Comment 1 Sune Kloppenborg Jeppesen (RETIRED) gentoo-dev 2007-05-11 08:01:44 UTC
This will go public once libpng-1.2.17 is released.

Vapier please attach an updated ebuild if you want pretesting.
Comment 2 Raphael Marichez (Falco) (RETIRED) gentoo-dev 2007-05-16 09:49:21 UTC
public on
Comment 3 Raphael Marichez (Falco) (RETIRED) gentoo-dev 2007-05-16 09:49:42 UTC
*** Bug 178729 has been marked as a duplicate of this bug. ***
Comment 4 Raúl Porcel (RETIRED) gentoo-dev 2007-05-16 09:59:55 UTC
According to the webpage:  1.2.17 is broken, 1.2.18 should be used
Comment 5 SpanKY gentoo-dev 2007-05-18 19:49:05 UTC
1.2.18 is in portage
Comment 6 Sune Kloppenborg Jeppesen (RETIRED) gentoo-dev 2007-05-19 06:53:06 UTC
Arhces please test and mark stable.
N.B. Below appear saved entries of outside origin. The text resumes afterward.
(* On the open subset of $\mathbb{R}^4$ with coordinates $(u_1,u_2,p_{u_1},p_{u_2})$ where $u_1\neq u_2$, with canonical Poisson bracket $\{u_i,p_{u_j}\}=\delta_{ij}$, $\{u_1,u_2\}=\{p_{u_1},p_{u_2}\}=0$, let $$H=\frac{u_1(2u_1+u_2)p_{u_1}^2}{u_1-u_2}+\frac{u_2(u_1+2u_2)p_{u_2}^2}{u_2-u_1}-2u_1^2-3u_1u_2-2u_2^2$$ and $$\begin{aligned}K=\frac{u_1^2u_2^2}{(u_2-u_1)^3}\Big(&(3u_1+u_2)p_{u_1}^4-(u_1+3u_2)p_{u_2}^4-8u_1p_{u_1}^3p_{u_2}+8u_2p_{u_1}p_{u_2}^3+6(u_1-u_2)p_{u_1}^2p_{u_2}^2\\&-2(u_1-u_2)(u_1+3u_2)p_{u_1}^2+8(u_1^2-u_2^2)p_{u_1}p_{u_2}-2(u_1-u_2)(3u_1+u_2)p_{u_2}^2-(u_1-u_2)^3\Big).\end{aligned}$$ Then $\{H,K\}=0$; i.e. $H$ (a natural Hamiltonian, quadratic in momenta) and $K$ (quartic in momenta) define an integrable system with two degrees of freedom.
   Context: The canonical Poisson bracket is $\{f,g\}=\sum_{i=1}^2\left(\frac{\partial f}{\partial u_i}\frac{\partial g}{\partial p_{u_i}}-\frac{\partial f}{\partial p_{u_i}}\frac{\partial g}{\partial u_i}\right)$. *)

From Stdlib Require Import Reals Lra.
Open Scope R_scope.

Definition H (u1 u2 p1 p2 : R) : R :=
  u1 * (2*u1 + u2) * p1^2 / (u1 - u2)
  + u2 * (u1 + 2*u2) * p2^2 / (u2 - u1)
  - 2*u1^2 - 3*u1*u2 - 2*u2^2.

Definition K (u1 u2 p1 p2 : R) : R :=
  u1^2 * u2^2 / (u2 - u1)^3 *
  ( (3*u1 + u2) * p1^4 - (u1 + 3*u2) * p2^4
    - 8*u1 * p1^3 * p2 + 8*u2 * p1 * p2^3
    + 6*(u1 - u2) * p1^2 * p2^2
    - 2*(u1 - u2)*(u1 + 3*u2) * p1^2
    + 8*(u1^2 - u2^2) * p1 * p2
    - 2*(u1 - u2)*(3*u1 + u2) * p2^2
    - (u1 - u2)^3 ).

Definition has_partials (F : R -> R -> R -> R -> R) (u1 u2 p1 p2 d1 d2 d3 d4 : R) : Prop :=
  derivable_pt_lim (fun t => F t u2 p1 p2) u1 d1 /\
  derivable_pt_lim (fun t => F u1 t p1 p2) u2 d2 /\
  derivable_pt_lim (fun t => F u1 u2 t p2) p1 d3 /\
  derivable_pt_lim (fun t => F u1 u2 p1 t) p2 d4.

(* Canonical Poisson bracket {F,G} = sum_i (dF/du_i dG/dp_i - dF/dp_i dG/du_i),
   given the partial derivatives (a_i of F, b_i of G). *)
Definition poisson_from_partials (a1 a2 a3 a4 b1 b2 b3 b4 : R) : R :=
  (a1 * b3 - a3 * b1) + (a2 * b4 - a4 * b2).

From Stdlib Require Import Reals Lra.
From Coquelicot Require Import Coquelicot.
Open Scope R_scope.

(* K is the product of the prefactor u1^2 u2^2 / (u2 - u1)^3
   and a polynomial quartic in the momenta, so its partials come from the product
   rule; with all partials explicit, the vanishing of {H, K} is an identity of
   rational functions whose denominators are powers of u1 - u2. *)

Ltac nonzero_difference :=
  repeat apply Rmult_integral_contrapositive_currified;
  try lra;
  match goal with h : ?a <> ?b |- _ <> 0 => let e := fresh in intro e; apply h; lra end.

Ltac partial_derivative :=
  apply is_derive_Reals; auto_derive;
  [ repeat split; nonzero_difference
  | field; repeat split; nonzero_difference ].

Lemma has_partials_mult (F G : R -> R -> R -> R -> R) (u1 u2 p1 p2 a1 a2 a3 a4 b1 b2 b3 b4 : R) :
  has_partials F u1 u2 p1 p2 a1 a2 a3 a4 ->
  has_partials G u1 u2 p1 p2 b1 b2 b3 b4 ->
  has_partials (fun x y z w => F x y z w * G x y z w) u1 u2 p1 p2
    (a1 * G u1 u2 p1 p2 + F u1 u2 p1 p2 * b1) (a2 * G u1 u2 p1 p2 + F u1 u2 p1 p2 * b2)
    (a3 * G u1 u2 p1 p2 + F u1 u2 p1 p2 * b3) (a4 * G u1 u2 p1 p2 + F u1 u2 p1 p2 * b4).
Proof.
  intros (dF1 & dF2 & dF3 & dF4) (dG1 & dG2 & dG3 & dG4).
  repeat split.
  - exact (derivable_pt_lim_mult (fun t => F t u2 p1 p2) (fun t => G t u2 p1 p2) u1 a1 b1 dF1 dG1).
  - exact (derivable_pt_lim_mult (fun t => F u1 t p1 p2) (fun t => G u1 t p1 p2) u2 a2 b2 dF2 dG2).
  - exact (derivable_pt_lim_mult (fun t => F u1 u2 t p2) (fun t => G u1 u2 t p2) p1 a3 b3 dF3 dG3).
  - exact (derivable_pt_lim_mult (fun t => F u1 u2 p1 t) (fun t => G u1 u2 p1 t) p2 a4 b4 dF4 dG4).
Qed.

Definition H_u1 (u1 u2 p1 p2 : R) : R :=
  (2*u1^2 - 4*u1*u2 - u2^2) * p1^2 / (u1 - u2)^2
  + 3*u2^2 * p2^2 / (u2 - u1)^2 - 4*u1 - 3*u2.

Definition H_u2 (u1 u2 p1 p2 : R) : R :=
  3*u1^2 * p1^2 / (u1 - u2)^2
  + (2*u2^2 - 4*u1*u2 - u1^2) * p2^2 / (u2 - u1)^2 - 3*u1 - 4*u2.

Definition H_p1 (u1 u2 p1 : R) : R := 2 * u1 * (2*u1 + u2) * p1 / (u1 - u2).

Definition H_p2 (u1 u2 p2 : R) : R := 2 * u2 * (u1 + 2*u2) * p2 / (u2 - u1).

Lemma H_has_partials (u1 u2 p1 p2 : R) : u1 <> u2 ->
  has_partials H u1 u2 p1 p2
    (H_u1 u1 u2 p1 p2) (H_u2 u1 u2 p1 p2) (H_p1 u1 u2 p1) (H_p2 u1 u2 p2).
Proof.
  intros Hne.
  unfold has_partials, H, H_u1, H_u2, H_p1, H_p2.
  repeat split; partial_derivative.
Qed.

Definition K_prefactor (u1 u2 : R) : R := u1^2 * u2^2 / (u2 - u1)^3.

Definition K_quartic (u1 u2 p1 p2 : R) : R :=
  (3*u1 + u2) * p1^4 - (u1 + 3*u2) * p2^4
  - 8*u1 * p1^3 * p2 + 8*u2 * p1 * p2^3
  + 6*(u1 - u2) * p1^2 * p2^2
  - 2*(u1 - u2)*(u1 + 3*u2) * p1^2
  + 8*(u1^2 - u2^2) * p1 * p2
  - 2*(u1 - u2)*(3*u1 + u2) * p2^2
  - (u1 - u2)^3.

Definition K_prefactor_u1 (u1 u2 : R) : R := u1 * u2^2 * (u1 + 2*u2) / (u2 - u1)^4.

Definition K_prefactor_u2 (u1 u2 : R) : R := - (u1^2 * u2 * (2*u1 + u2)) / (u2 - u1)^4.

Definition K_quartic_u1 (u1 u2 p1 p2 : R) : R :=
  3*p1^4 - p2^4 - 8*p1^3*p2 + 6*p1^2*p2^2 - 4*(u1 + u2)*p1^2
  + 16*u1*p1*p2 - 4*(3*u1 - u2)*p2^2 - 3*(u1 - u2)^2.

Definition K_quartic_u2 (u1 u2 p1 p2 : R) : R :=
  p1^4 - 3*p2^4 + 8*p1*p2^3 - 6*p1^2*p2^2 - 4*(u1 - 3*u2)*p1^2
  - 16*u2*p1*p2 + 4*(u1 + u2)*p2^2 + 3*(u1 - u2)^2.

Definition K_quartic_p1 (u1 u2 p1 p2 : R) : R :=
  4*(3*u1 + u2)*p1^3 - 24*u1*p1^2*p2 + 8*u2*p2^3 + 12*(u1 - u2)*p1*p2^2
  - 4*(u1 - u2)*(u1 + 3*u2)*p1 + 8*(u1^2 - u2^2)*p2.

Definition K_quartic_p2 (u1 u2 p1 p2 : R) : R :=
  - 4*(u1 + 3*u2)*p2^3 - 8*u1*p1^3 + 24*u2*p1*p2^2 + 12*(u1 - u2)*p1^2*p2
  + 8*(u1^2 - u2^2)*p1 - 4*(u1 - u2)*(3*u1 + u2)*p2.

Lemma K_prefactor_has_partials (u1 u2 p1 p2 : R) : u1 <> u2 ->
  has_partials (fun u1 u2 _ _ => K_prefactor u1 u2) u1 u2 p1 p2
    (K_prefactor_u1 u1 u2) (K_prefactor_u2 u1 u2) 0 0.
Proof.
  intros Hne.
  unfold has_partials, K_prefactor, K_prefactor_u1, K_prefactor_u2.
  repeat split; partial_derivative.
Qed.

Lemma K_quartic_has_partials (u1 u2 p1 p2 : R) :
  has_partials K_quartic u1 u2 p1 p2
    (K_quartic_u1 u1 u2 p1 p2) (K_quartic_u2 u1 u2 p1 p2)
    (K_quartic_p1 u1 u2 p1 p2) (K_quartic_p2 u1 u2 p1 p2).
Proof.
  unfold has_partials, K_quartic, K_quartic_u1, K_quartic_u2, K_quartic_p1, K_quartic_p2.
  repeat split; partial_derivative.
Qed.

Definition K_u1 (u1 u2 p1 p2 : R) : R :=
  K_prefactor_u1 u1 u2 * K_quartic u1 u2 p1 p2 + K_prefactor u1 u2 * K_quartic_u1 u1 u2 p1 p2.

Definition K_u2 (u1 u2 p1 p2 : R) : R :=
  K_prefactor_u2 u1 u2 * K_quartic u1 u2 p1 p2 + K_prefactor u1 u2 * K_quartic_u2 u1 u2 p1 p2.

Definition K_p1 (u1 u2 p1 p2 : R) : R := K_prefactor u1 u2 * K_quartic_p1 u1 u2 p1 p2.

Definition K_p2 (u1 u2 p1 p2 : R) : R := K_prefactor u1 u2 * K_quartic_p2 u1 u2 p1 p2.

Lemma K_has_partials (u1 u2 p1 p2 : R) : u1 <> u2 ->
  has_partials K u1 u2 p1 p2
    (K_u1 u1 u2 p1 p2) (K_u2 u1 u2 p1 p2) (K_p1 u1 u2 p1 p2) (K_p2 u1 u2 p1 p2).
Proof.
  intros Hne.
  (* [K] is convertible to [fun u1 u2 p1 p2 => K_prefactor u1 u2 * K_quartic u1 u2 p1 p2]. *)
  pose proof (has_partials_mult _ _ _ _ _ _ _ _ _ _ _ _ _ _
    (K_prefactor_has_partials u1 u2 p1 p2 Hne) (K_quartic_has_partials u1 u2 p1 p2)) as M.
  rewrite !Rmult_0_l, !Rplus_0_l in M.
  exact M.
Qed.

Lemma poisson_H_K (u1 u2 p1 p2 : R) : u1 <> u2 ->
  poisson_from_partials
    (H_u1 u1 u2 p1 p2) (H_u2 u1 u2 p1 p2) (H_p1 u1 u2 p1) (H_p2 u1 u2 p2)
    (K_u1 u1 u2 p1 p2) (K_u2 u1 u2 p1 p2) (K_p1 u1 u2 p1 p2) (K_p2 u1 u2 p1 p2) = 0.
Proof.
  intros Hne.
  unfold poisson_from_partials, H_u1, H_u2, H_p1, H_p2, K_u1, K_u2, K_p1, K_p2,
    K_prefactor, K_prefactor_u1, K_prefactor_u2, K_quartic,
    K_quartic_u1, K_quartic_u2, K_quartic_p1, K_quartic_p2.
  field; repeat split; nonzero_difference.
Qed.

Theorem mainTheorem4 :
  forall u1 u2 p1 p2 : R, u1 <> u2 ->
  exists a1 a2 a3 a4 b1 b2 b3 b4 : R,
    has_partials H u1 u2 p1 p2 a1 a2 a3 a4 /\
    has_partials K u1 u2 p1 p2 b1 b2 b3 b4 /\
    poisson_from_partials a1 a2 a3 a4 b1 b2 b3 b4 = 0.
Proof.
  intros u1 u2 p1 p2 Hne.
  exists (H_u1 u1 u2 p1 p2), (H_u2 u1 u2 p1 p2), (H_p1 u1 u2 p1), (H_p2 u1 u2 p2),
    (K_u1 u1 u2 p1 p2), (K_u2 u1 u2 p1 p2), (K_p1 u1 u2 p1 p2), (K_p2 u1 u2 p1 p2).
  split; [|split].
  - exact (H_has_partials u1 u2 p1 p2 Hne).
  - exact (K_has_partials u1 u2 p1 p2 Hne).
  - exact (poisson_H_K u1 u2 p1 p2 Hne).
Qed.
Target keywords are:

libpng-1.2.18.ebuild:KEYWORDS="alpha amd64 arm hppa ia64 m68k mips ppc ppc64 s390 sh sparc x86 ~x86-fbsd"
Comment 7 Roeland Douma 2007-05-19 07:36:25 UTC

Compiles clean.
Passes tests
No Collision

Exporting png files in the gimp still works. Displaying png files also works. So we're good to go.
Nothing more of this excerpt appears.